(mailed to GTS members by Bernhard von Stengel on Monday, 17 March 2008)

UC Berkeley Press release and Obituary (March 18, 2008)

David Gale, a charter member of the Game Theory Society, died on March 7, 2008, following a heart attack, in Berkeley, California. He was 86 and very active until the day of his heart attack.

David Gale was among the founders of game theory in Princeton. He received his PhD in Princeton in 1949 with a dissertation on “Finite solutions of two-person games”. His advisor was Albert Tucker, who also supervised John Nash and Lloyd Shapley. David Gale, Harold Kuhn and Albert Tucker won the von Neumann Theory Prize in 1980 for their seminal role in laying the foundations of game theory, linear and non-linear programming.

In game theory, one of his seminal contributions was his joint paper with Lloyd Shapley, “College admissions and the stability of marriage”, American Mathematical Monthly 69 (1962), pp. 9-15, which started a whole research area on stable matchings and their applications.

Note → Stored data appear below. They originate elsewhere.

Let sum_transfer :
  \sum_(i < N) A * rho_ i / rho * (E_ i / rho_ i - Eb / rho + 3 * A / (2 * rho))
  = 3 / (2 * rho) * A ^+ 2.
Proof.
have termE i : A * rho_ i / rho * (E_ i / rho_ i - Eb / rho + 3 * A / (2 * rho))
    = A / rho * E_ i - A / rho * (Eb / rho - 3 * A / (2 * rho)) * rho_ i.
  by field; rewrite rho_neq0 rho_i_neq0.
by rewrite (eq_bigr _ (fun i _ => termE i)) sumrB -!mulr_sumr; field.
Qed.

Lemma intermediated_market_scheme :
  exists (S : R) (P : 'I_N -> R),
    0 < S /\
    (forall i, interm_optimal (p0 i) (p1 i) (g i) lam S (P i)) /\
    A = \sum_(i < N) demand (p0 i) (p1 i) (g i) (P i) /\
    (forall i, P i = tau / 2
       + (Ebau (p0 i) (p1 i) / varrho (p1 i) (g i) - A / rho) / 2) /\
    (forall i, exists q a d, mar_optimal (p0 i) (p1 i) (g i) lam (P i) q a d) /\
    (forall qm am dm : 'I_N -> R,
       (forall i, mar_optimal (p0 i) (p1 i) (g i) lam (P i) (qm i) (am i) (dm i)) ->
     forall qt at_ : 'I_N -> R,
       (forall i, tax_optimal (p0 i) (p1 i) (g i) tau (qt i) (at_ i)) ->
     let Em := fun i => emissions (qm i) (am i) in
     let WF := fun i => demand (p0 i) (p1 i) (g i) (P i) * (P i - S) in
     let WC := fun i => mar_obj (p0 i) (p1 i) (g i) lam (P i) (qm i) (am i) (dm i) in
     let WT := fun i => tax_obj (p0 i) (p1 i) (g i) tau (qt i) (at_ i) in
     (forall i,
        WF i = Em i ^+ 2 / varrho (p1 i) (g i) /\
        WF i = varrho (p1 i) (g i) / 4 *
               (Ebau (p0 i) (p1 i) / varrho (p1 i) (g i) - Eb / rho + 2 * A / rho) ^+ 2 /\
        WC i = WT i - 3 / 2 * WF i
               + A * varrho (p1 i) (g i) / rho *
                 (Ebau (p0 i) (p1 i) / varrho (p1 i) (g i) - Eb / rho
                  + 3 * A / (2 * rho))) /\
     \sum_(i < N) WF i = \sum_(i < N) Em i ^+ 2 / varrho (p1 i) (g i) /\
     \sum_(i < N) WC i = \sum_(i < N) WT i - 3 / 2 * \sum_(i < N) WF i
                         + 3 / (2 * rho) * A ^+ 2 /\
     lam * \sum_(i < N) Num.max 0 (Em i - demand (p0 i) (p1 i) (g i) (P i)) + S * A
       = tau * \sum_(i < N) emissions (qt i) (at_ i) - A ^+ 2 / rho).
Proof.
exists spot, price; split; first exact: spot_gt0.
split=> [i |]; first exact: interm_optimal_midpoint (spot_le_choke i) (choke_add_spot_le i).
split; first exact: price_clearing.
split; first exact: priceE.
split=> [i | qm am dm qad_opt qt at_ qa_opt Em WF WC WT].
  exact (mar_optimal_exists (p1_gt0 i) (g_gt0 i) (price_ge0 i) (price_demand_gt0 i)
           (price_le_lam i)).
have EmE i : Em i = demand (p0 i) (p1 i) (g i) (price i).
  exact (mar_optimal_emissions (p1_gt0 i) (g_gt0 i) (price_ge0 i) (price_demand_gt0 i)
           (price_le_lam i) (qad_opt i)).
have WF_sqr i : WF i = Em i ^+ 2 / rho_ i.
  by rewrite EmE; exact: interm_obj_midpoint.
have WC_split i : WC i = WT i - 3 / 2 * WF i
    + A * rho_ i / rho * (E_ i / rho_ i - Eb / rho + 3 * A / (2 * rho)).
  rewrite /WC /WT (mar_optimal_value (p1_gt0 i) (g_gt0 i) (price_ge0 i)
    (price_demand_gt0 i) (price_le_lam i) (qad_opt i)) (tax_value (qa_opt i)).
  exact: firm_value_price.
split=> [i |].
  by split; [exact: WF_sqr | split; [exact: interm_obj_price | exact: WC_split]].
split; first exact: eq_bigr.
split.
  by rewrite (eq_bigr _ (fun i _ => WC_split i)) big_split sumrB -mulr_sumr sum_transfer.
rewrite big1 ?mulr0 ?add0r => [|i _]; last by rewrite EmE subrr maxxx.
by rewrite (sum_tax_emissions tau_ge0 tau_lt qa_opt) /spot tauE; field.
Qed.

End Intermediated.

End Schemes.
End Economy.

Theorem theorem3p1 (R : realType) (N : nat) (p0 p1 g : 'I_N -> R) (A lam tau : R) :
  (forall i, 0 < p0 i) -> (forall i, 0 < p1 i) -> (forall i, 0 < g i) ->
  0 < A -> 0 < lam -> 0 < tau ->
  (forall i, tau * varrho (p1 i) (g i) < Ebau (p0 i) (p1 i)) ->
  (forall i, lam * varrho (p1 i) (g i) < Ebau (p0 i) (p1 i)) ->
  (* aggregate tax emissions equal A *)
  (forall qt at_ : 'I_N -> R,
     (forall i, tax_optimal (p0 i) (p1 i) (g i) tau (qt i) (at_ i)) ->
     \sum_(i < N) emissions (qt i) (at_ i) = A) ->
  let Eb := \sum_(i < N) Ebau (p0 i) (p1 i) in
  let Wb := \sum_(i < N) Wbau (p0 i) (p1 i) in
  let rho := \sum_(i < N) varrho (p1 i) (g i) in
  (* (1) tax scheme *)
  (tau = (Eb - A) / rho /\
   (forall i, exists q a, tax_optimal (p0 i) (p1 i) (g i) tau q a) /\
   (forall qt at_ : 'I_N -> R,
      (forall i, tax_optimal (p0 i) (p1 i) (g i) tau (qt i) (at_ i)) ->
      (forall i, tax_obj (p0 i) (p1 i) (g i) tau (qt i) (at_ i)
         = Wbau (p0 i) (p1 i)
           - tau * (Ebau (p0 i) (p1 i) - tau / 2 * varrho (p1 i) (g i))) /\
      \sum_(i < N) tax_obj (p0 i) (p1 i) (g i) tau (qt i) (at_ i)
         = Wb - tau * (Eb - tau / 2 * rho) /\
      tau * \sum_(i < N) emissions (qt i) (at_ i) = tau * A)) /\
  (* (2) spot market scheme *)
  (Eb - lam * rho <= A < Eb ->
   forall S : R, A = \sum_(i < N) demand (p0 i) (p1 i) (g i) S ->
   (forall i, exists q a d, mar_optimal (p0 i) (p1 i) (g i) lam S q a d) /\
   (forall qm am dm : 'I_N -> R,
      (forall i, mar_optimal (p0 i) (p1 i) (g i) lam S (qm i) (am i) (dm i)) ->
    forall qt at_ : 'I_N -> R,
      (forall i, tax_optimal (p0 i) (p1 i) (g i) tau (qt i) (at_ i)) ->
      (forall i, mar_obj (p0 i) (p1 i) (g i) lam S (qm i) (am i) (dm i)
                 = tax_obj (p0 i) (p1 i) (g i) tau (qt i) (at_ i)) /\
      \sum_(i < N) mar_obj (p0 i) (p1 i) (g i) lam S (qm i) (am i) (dm i)
        = \sum_(i < N) tax_obj (p0 i) (p1 i) (g i) tau (qt i) (at_ i) /\
      lam * \sum_(i < N) Num.max 0 (emissions (qm i) (am i)
                                    - demand (p0 i) (p1 i) (g i) S) + S * A
        = tau * \sum_(i < N) emissions (qt i) (at_ i))) /\
  (* (3) purely intermediated market scheme *)
  ((Eb + rho * (\big[Num.max/0]_(i < N) (Ebau (p0 i) (p1 i) / varrho (p1 i) (g i))
                - 2 * lam)) / 2 <= A <
     \sum_(i < N) Num.max (Ebau (p0 i) (p1 i) / 2)
                          (Ebau (p0 i) (p1 i) - lam * varrho (p1 i) (g i)) ->
   exists (S : R) (P : 'I_N -> R),
     0 < S /\
     (forall i, interm_optimal (p0 i) (p1 i) (g i) lam S (P i)) /\
     A = \sum_(i < N) demand (p0 i) (p1 i) (g i) (P i) /\
     (forall i, P i = tau / 2
        + (Ebau (p0 i) (p1 i) / varrho (p1 i) (g i) - A / rho) / 2) /\
     (forall i, exists q a d, mar_optimal (p0 i) (p1 i) (g i) lam (P i) q a d) /\
     (forall qm am dm : 'I_N -> R,
        (forall i, mar_optimal (p0 i) (p1 i) (g i) lam (P i) (qm i) (am i) (dm i)) ->
      forall qt at_ : 'I_N -> R,
        (forall i, tax_optimal (p0 i) (p1 i) (g i) tau (qt i) (at_ i)) ->
      let Em := fun i => emissions (qm i) (am i) in
      let WF := fun i => demand (p0 i) (p1 i) (g i) (P i) * (P i - S) in
      let WC := fun i => mar_obj (p0 i) (p1 i) (g i) lam (P i) (qm i) (am i) (dm i) in
      let WT := fun i => tax_obj (p0 i) (p1 i) (g i) tau (qt i) (at_ i) in
      (forall i,
         WF i = Em i ^+ 2 / varrho (p1 i) (g i) /\
         WF i = varrho (p1 i) (g i) / 4 *
                (Ebau (p0 i) (p1 i) / varrho (p1 i) (g i) - Eb / rho + 2 * A / rho) ^+ 2 /\
         WC i = WT i - 3 / 2 * WF i
                + A * varrho (p1 i) (g i) / rho *
                  (Ebau (p0 i) (p1 i) / varrho (p1 i) (g i) - Eb / rho
                   + 3 * A / (2 * rho))) /\
      \sum_(i < N) WF i = \sum_(i < N) Em i ^+ 2 / varrho (p1 i) (g i) /\
      \sum_(i < N) WC i = \sum_(i < N) WT i - 3 / 2 * \sum_(i < N) WF i
                          + 3 / (2 * rho) * A ^+ 2 /\
      lam * \sum_(i < N) Num.max 0 (Em i - demand (p0 i) (p1 i) (g i) (P i)) + S * A
        = tau * \sum_(i < N) emissions (qt i) (at_ i) - A ^+ 2 / rho)).
Proof.
move=> _ p1_gt0 g_gt0 A_gt0 _ tau_gt0 tau_lt lam_lt sum_emissions Eb Wb rho.
have tau_ge0 := ltW tau_gt0.
have [qt [at_ qa_opt]] := tax_optimal_profile_exists p1_gt0 g_gt0 tau_ge0 tau_lt.
have A_clearing : A = Eb - tau * rho.
  by rewrite -(sum_emissions _ _ qa_opt) (sum_tax_emissions p1_gt0 g_gt0 tau_ge0 tau_lt qa_opt).
have rho_gt0 : 0 < rho.
  by move: A_gt0; rewrite A_clearing; exact: sum_varrho_gt0.
have tauE : tau = (Eb - A) / rho by rewrite A_clearing; field; exact: lt0r_neq0.
split; first exact: tax_scheme.
split; first exact: spot_market_scheme.
by case/andP=> A_ge A_lt; exact: intermediated_market_scheme.
Qed.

A collection of papers dedicated to David Gale on the occasion of his 85th birthday is forthcoming in the International Journal of Game Theory, Volume 36, Numbers 3-4, March, 2008, and accessible online to GTS members. This volume is edited by Marilda Sotomayor, who had also organized a scientific day in David’s honour during the 18th Summer Festival on Game Theory in Stony Brook, July 12/13, 2007. The preface to the IJGT volume summarizes many other fundamental contributions of David Gale to mathematical economics. See also the letter by Marilda Sotomayor on David Gale’s work below.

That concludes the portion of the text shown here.